> _WORK INSTRUCTIONS_
In the entries below, find each line with the word "realDomainType" and return it.

GIVEN INFORMATION START

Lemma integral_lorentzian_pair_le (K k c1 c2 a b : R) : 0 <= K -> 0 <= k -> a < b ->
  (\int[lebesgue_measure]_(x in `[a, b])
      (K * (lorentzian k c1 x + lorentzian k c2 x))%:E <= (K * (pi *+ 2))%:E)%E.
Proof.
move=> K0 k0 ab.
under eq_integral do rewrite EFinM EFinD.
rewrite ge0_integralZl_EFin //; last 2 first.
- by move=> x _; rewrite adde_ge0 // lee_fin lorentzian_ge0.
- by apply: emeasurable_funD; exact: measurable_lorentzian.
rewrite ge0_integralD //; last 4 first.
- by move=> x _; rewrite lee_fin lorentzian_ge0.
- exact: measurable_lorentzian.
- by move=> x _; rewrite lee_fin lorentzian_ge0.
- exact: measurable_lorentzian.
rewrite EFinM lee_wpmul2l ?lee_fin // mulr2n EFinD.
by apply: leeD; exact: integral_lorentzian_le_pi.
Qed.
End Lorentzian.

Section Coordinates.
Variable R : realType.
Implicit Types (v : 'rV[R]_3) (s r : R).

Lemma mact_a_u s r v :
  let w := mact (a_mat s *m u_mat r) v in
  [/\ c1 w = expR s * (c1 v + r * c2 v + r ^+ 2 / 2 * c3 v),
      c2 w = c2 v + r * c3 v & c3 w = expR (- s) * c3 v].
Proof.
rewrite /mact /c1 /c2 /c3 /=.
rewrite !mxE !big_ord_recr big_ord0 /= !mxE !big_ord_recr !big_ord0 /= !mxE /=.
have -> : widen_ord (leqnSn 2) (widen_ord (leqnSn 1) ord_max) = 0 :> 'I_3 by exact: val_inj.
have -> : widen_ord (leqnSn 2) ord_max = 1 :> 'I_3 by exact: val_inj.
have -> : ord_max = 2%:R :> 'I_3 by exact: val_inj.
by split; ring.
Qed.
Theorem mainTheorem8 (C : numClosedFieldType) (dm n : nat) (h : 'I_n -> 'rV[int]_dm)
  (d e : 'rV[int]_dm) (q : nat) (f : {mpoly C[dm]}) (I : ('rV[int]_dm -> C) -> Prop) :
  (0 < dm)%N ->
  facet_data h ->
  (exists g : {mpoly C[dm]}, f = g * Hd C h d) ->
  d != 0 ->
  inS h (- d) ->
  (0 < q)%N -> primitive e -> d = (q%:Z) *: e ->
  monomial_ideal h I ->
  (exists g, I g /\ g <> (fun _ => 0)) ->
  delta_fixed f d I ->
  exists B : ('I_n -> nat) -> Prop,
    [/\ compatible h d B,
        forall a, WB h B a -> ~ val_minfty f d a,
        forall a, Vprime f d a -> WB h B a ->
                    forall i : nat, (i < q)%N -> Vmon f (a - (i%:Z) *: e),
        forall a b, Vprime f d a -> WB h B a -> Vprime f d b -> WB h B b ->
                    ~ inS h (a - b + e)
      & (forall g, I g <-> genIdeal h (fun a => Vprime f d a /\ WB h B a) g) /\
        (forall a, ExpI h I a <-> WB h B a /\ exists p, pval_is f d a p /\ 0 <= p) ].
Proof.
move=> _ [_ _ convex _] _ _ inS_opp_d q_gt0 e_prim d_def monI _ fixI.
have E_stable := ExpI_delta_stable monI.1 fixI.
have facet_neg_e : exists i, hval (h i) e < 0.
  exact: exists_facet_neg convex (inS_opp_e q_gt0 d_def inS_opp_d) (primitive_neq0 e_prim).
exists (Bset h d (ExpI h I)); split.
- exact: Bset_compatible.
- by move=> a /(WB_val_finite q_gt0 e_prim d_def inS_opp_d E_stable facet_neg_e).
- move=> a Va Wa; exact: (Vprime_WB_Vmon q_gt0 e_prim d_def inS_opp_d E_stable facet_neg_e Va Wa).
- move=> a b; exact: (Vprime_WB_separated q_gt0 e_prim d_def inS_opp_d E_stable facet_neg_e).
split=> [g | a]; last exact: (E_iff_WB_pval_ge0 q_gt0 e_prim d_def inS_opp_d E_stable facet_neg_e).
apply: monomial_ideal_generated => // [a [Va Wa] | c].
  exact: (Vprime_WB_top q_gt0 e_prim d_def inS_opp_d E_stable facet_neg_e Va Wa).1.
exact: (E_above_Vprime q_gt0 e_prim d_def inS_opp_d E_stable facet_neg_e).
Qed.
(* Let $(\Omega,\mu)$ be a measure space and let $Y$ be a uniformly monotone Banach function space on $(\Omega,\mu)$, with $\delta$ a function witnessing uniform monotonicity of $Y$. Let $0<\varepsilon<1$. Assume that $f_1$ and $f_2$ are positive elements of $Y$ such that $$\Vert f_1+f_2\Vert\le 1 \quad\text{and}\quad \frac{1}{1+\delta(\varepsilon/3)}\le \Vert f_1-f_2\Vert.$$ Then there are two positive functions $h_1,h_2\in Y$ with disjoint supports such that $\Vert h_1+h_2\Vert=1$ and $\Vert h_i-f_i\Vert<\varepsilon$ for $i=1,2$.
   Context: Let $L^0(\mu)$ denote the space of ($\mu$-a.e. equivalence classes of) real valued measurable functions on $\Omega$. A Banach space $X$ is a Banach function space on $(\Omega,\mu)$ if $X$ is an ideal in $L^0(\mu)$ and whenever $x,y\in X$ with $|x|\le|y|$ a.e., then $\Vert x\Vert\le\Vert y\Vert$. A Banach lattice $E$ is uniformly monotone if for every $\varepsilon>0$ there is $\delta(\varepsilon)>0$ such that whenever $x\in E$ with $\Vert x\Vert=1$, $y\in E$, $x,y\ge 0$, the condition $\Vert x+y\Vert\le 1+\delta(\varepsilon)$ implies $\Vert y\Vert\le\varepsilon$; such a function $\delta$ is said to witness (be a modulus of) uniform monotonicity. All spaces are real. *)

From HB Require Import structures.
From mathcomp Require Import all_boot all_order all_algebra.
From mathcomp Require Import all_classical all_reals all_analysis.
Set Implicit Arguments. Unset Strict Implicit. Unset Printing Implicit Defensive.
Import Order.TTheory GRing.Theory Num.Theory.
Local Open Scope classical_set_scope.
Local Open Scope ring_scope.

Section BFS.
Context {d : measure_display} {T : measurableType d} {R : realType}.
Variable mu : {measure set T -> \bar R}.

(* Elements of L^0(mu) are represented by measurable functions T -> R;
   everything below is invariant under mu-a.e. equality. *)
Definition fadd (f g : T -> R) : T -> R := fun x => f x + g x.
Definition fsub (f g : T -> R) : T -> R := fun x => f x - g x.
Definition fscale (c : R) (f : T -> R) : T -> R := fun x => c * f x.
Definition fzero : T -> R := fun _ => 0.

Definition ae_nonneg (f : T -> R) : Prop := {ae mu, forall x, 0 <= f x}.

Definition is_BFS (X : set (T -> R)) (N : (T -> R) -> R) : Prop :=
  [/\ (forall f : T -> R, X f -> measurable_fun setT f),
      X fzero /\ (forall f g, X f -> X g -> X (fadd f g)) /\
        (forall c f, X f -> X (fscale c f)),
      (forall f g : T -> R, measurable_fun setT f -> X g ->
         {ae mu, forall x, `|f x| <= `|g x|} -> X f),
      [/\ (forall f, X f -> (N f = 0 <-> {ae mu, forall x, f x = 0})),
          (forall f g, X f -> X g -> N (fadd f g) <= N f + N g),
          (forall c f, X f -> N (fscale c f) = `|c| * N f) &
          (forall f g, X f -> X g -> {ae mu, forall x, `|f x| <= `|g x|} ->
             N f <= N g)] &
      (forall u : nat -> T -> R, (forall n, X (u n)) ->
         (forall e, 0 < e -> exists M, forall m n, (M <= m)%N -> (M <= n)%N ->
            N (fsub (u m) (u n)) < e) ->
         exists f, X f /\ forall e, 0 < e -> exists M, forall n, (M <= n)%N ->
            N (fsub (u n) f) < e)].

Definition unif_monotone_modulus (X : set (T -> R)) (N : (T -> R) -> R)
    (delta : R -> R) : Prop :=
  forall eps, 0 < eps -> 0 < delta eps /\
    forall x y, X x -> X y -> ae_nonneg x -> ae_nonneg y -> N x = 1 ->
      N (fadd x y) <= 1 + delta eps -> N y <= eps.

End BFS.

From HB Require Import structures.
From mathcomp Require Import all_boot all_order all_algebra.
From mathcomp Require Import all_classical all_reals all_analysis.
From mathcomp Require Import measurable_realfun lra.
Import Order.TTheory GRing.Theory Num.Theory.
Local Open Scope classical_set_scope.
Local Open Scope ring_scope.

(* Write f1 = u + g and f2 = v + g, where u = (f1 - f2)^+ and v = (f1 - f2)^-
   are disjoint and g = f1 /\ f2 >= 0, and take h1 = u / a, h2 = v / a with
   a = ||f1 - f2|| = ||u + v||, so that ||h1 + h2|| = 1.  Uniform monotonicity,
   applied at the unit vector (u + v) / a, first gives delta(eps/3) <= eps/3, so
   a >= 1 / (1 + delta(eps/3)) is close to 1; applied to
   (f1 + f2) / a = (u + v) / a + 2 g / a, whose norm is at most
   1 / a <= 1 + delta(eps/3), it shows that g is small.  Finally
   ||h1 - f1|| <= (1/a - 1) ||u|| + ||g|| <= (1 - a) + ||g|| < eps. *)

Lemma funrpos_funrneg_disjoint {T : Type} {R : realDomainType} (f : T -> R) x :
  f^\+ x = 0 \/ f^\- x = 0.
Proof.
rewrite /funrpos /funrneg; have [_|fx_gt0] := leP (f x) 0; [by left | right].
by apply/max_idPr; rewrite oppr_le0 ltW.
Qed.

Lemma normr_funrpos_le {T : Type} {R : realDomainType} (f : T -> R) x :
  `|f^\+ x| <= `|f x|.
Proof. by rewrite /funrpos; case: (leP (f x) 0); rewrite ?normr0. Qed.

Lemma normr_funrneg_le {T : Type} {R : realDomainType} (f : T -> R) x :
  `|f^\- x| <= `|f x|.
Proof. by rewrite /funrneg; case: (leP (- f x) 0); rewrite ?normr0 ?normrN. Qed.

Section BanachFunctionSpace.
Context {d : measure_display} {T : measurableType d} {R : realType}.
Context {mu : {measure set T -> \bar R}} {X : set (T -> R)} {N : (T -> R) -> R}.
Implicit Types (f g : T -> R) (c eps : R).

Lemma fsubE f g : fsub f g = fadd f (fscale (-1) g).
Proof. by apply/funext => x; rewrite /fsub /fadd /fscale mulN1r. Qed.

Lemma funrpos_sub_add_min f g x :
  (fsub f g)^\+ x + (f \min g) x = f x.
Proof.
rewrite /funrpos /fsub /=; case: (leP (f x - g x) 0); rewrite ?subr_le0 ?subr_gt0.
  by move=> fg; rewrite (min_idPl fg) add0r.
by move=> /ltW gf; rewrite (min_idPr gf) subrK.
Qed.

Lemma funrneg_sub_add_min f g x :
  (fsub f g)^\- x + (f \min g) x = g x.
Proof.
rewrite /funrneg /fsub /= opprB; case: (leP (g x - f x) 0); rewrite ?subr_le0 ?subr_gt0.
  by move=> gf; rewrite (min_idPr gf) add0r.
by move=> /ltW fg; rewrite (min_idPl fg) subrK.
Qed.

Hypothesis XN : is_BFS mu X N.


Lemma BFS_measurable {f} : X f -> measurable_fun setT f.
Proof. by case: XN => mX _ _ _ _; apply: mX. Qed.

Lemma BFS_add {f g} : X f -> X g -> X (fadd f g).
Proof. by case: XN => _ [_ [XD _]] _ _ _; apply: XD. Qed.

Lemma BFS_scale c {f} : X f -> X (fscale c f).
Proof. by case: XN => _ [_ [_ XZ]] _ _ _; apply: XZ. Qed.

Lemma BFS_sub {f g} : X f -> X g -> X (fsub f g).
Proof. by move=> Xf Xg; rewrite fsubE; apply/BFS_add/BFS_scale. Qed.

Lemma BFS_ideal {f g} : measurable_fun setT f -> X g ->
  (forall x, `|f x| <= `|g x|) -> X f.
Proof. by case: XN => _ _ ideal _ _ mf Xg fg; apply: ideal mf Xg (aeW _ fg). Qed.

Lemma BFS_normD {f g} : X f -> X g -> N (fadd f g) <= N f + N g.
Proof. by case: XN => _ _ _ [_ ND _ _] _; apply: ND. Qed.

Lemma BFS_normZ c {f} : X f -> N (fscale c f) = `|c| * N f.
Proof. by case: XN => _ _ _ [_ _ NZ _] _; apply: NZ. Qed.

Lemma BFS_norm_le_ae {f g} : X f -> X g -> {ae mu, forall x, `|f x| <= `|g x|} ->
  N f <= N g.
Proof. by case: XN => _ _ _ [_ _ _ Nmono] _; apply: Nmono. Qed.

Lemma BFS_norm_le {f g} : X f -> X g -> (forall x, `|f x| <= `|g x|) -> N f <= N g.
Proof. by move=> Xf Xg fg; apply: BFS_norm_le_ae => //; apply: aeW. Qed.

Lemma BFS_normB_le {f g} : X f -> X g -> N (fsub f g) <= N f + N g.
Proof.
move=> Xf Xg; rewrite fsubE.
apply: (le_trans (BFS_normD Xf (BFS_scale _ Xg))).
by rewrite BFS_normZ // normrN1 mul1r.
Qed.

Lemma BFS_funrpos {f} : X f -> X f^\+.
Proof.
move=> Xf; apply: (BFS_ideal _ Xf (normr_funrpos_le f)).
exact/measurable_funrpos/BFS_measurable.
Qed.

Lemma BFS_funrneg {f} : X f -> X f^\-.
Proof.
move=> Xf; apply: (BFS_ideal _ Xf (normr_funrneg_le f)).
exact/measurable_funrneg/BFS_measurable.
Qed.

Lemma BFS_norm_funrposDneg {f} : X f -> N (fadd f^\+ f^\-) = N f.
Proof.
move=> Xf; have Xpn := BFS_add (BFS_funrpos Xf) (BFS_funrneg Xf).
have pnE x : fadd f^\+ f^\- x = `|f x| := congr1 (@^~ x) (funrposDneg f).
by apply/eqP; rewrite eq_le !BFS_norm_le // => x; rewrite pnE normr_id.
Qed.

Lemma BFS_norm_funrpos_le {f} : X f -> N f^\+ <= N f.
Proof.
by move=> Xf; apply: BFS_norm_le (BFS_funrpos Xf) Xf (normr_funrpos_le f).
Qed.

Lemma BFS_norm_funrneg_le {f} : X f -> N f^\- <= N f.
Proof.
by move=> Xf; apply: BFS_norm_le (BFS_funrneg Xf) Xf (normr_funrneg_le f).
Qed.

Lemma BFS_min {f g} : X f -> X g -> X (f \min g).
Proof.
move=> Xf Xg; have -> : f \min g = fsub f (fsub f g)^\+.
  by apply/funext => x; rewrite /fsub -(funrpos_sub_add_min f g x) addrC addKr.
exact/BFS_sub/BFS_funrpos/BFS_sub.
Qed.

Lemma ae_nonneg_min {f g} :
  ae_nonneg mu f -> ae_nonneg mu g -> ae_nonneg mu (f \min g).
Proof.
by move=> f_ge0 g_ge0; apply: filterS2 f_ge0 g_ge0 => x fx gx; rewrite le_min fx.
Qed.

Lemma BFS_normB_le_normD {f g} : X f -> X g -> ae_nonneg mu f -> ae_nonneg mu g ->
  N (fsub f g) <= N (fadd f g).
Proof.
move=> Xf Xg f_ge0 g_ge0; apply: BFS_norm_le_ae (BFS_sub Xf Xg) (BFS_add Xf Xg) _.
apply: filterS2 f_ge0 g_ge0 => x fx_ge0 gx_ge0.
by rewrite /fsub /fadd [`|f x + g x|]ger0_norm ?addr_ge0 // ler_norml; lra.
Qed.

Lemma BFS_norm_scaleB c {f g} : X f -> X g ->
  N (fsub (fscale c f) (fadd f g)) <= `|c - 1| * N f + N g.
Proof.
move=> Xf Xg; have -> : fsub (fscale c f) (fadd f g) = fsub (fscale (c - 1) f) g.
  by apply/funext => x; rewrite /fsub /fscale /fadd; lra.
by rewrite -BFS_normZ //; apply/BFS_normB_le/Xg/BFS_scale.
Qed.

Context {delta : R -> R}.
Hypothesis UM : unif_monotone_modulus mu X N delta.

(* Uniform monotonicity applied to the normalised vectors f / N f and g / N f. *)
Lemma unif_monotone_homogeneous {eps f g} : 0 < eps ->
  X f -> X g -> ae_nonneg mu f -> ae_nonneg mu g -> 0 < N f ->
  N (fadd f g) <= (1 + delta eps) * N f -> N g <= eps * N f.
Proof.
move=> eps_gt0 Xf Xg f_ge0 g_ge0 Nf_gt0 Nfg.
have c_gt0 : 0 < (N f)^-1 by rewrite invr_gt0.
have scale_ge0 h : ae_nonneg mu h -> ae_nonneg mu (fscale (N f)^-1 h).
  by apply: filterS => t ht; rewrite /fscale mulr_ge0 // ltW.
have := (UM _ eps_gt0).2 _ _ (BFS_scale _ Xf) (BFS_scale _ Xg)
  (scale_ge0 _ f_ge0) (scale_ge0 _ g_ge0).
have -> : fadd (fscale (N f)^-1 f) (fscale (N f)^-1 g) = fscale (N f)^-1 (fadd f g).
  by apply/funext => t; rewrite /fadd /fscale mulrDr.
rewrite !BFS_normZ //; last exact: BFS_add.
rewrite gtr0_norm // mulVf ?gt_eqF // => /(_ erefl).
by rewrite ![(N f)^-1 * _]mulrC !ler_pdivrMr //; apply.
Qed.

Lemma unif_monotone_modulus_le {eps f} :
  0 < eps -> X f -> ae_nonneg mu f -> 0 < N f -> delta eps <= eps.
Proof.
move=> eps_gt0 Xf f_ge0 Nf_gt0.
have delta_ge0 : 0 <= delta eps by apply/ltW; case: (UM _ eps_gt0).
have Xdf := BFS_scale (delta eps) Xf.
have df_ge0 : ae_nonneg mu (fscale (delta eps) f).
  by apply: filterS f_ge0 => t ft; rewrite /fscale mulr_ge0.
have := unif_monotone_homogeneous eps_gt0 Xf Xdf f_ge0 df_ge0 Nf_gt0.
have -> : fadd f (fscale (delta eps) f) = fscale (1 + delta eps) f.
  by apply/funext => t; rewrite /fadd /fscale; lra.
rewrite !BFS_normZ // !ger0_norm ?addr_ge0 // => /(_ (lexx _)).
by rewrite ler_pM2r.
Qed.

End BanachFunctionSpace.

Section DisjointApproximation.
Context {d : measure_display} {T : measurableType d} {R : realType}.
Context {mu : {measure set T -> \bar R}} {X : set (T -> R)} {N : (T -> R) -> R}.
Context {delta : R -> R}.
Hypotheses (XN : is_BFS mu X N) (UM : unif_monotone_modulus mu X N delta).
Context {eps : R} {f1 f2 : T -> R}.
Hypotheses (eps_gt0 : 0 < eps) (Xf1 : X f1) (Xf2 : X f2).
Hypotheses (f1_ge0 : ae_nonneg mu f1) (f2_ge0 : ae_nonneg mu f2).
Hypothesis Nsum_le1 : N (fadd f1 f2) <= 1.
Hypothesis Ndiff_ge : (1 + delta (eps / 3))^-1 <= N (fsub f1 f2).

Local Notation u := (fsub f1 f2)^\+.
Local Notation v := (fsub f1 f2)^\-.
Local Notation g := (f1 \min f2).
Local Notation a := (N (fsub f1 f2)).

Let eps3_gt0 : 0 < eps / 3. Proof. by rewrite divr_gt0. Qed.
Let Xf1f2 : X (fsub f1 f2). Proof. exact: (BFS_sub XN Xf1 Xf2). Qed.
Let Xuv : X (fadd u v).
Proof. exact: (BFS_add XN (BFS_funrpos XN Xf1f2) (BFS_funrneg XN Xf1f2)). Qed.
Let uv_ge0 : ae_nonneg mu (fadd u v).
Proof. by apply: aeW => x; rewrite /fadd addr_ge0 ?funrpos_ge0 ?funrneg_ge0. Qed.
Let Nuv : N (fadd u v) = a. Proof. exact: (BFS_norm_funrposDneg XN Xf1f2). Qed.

GIVEN INFORMATION END

> _WRITTEN ANSWER_
Lemma funrpos_funrneg_disjoint {T : Type} {R : realDomainType} (f : T -> R) x :
Lemma normr_funrpos_le {T : Type} {R : realDomainType} (f : T -> R) x :
Lemma normr_funrneg_le {T : Type} {R : realDomainType} (f : T -> R) x :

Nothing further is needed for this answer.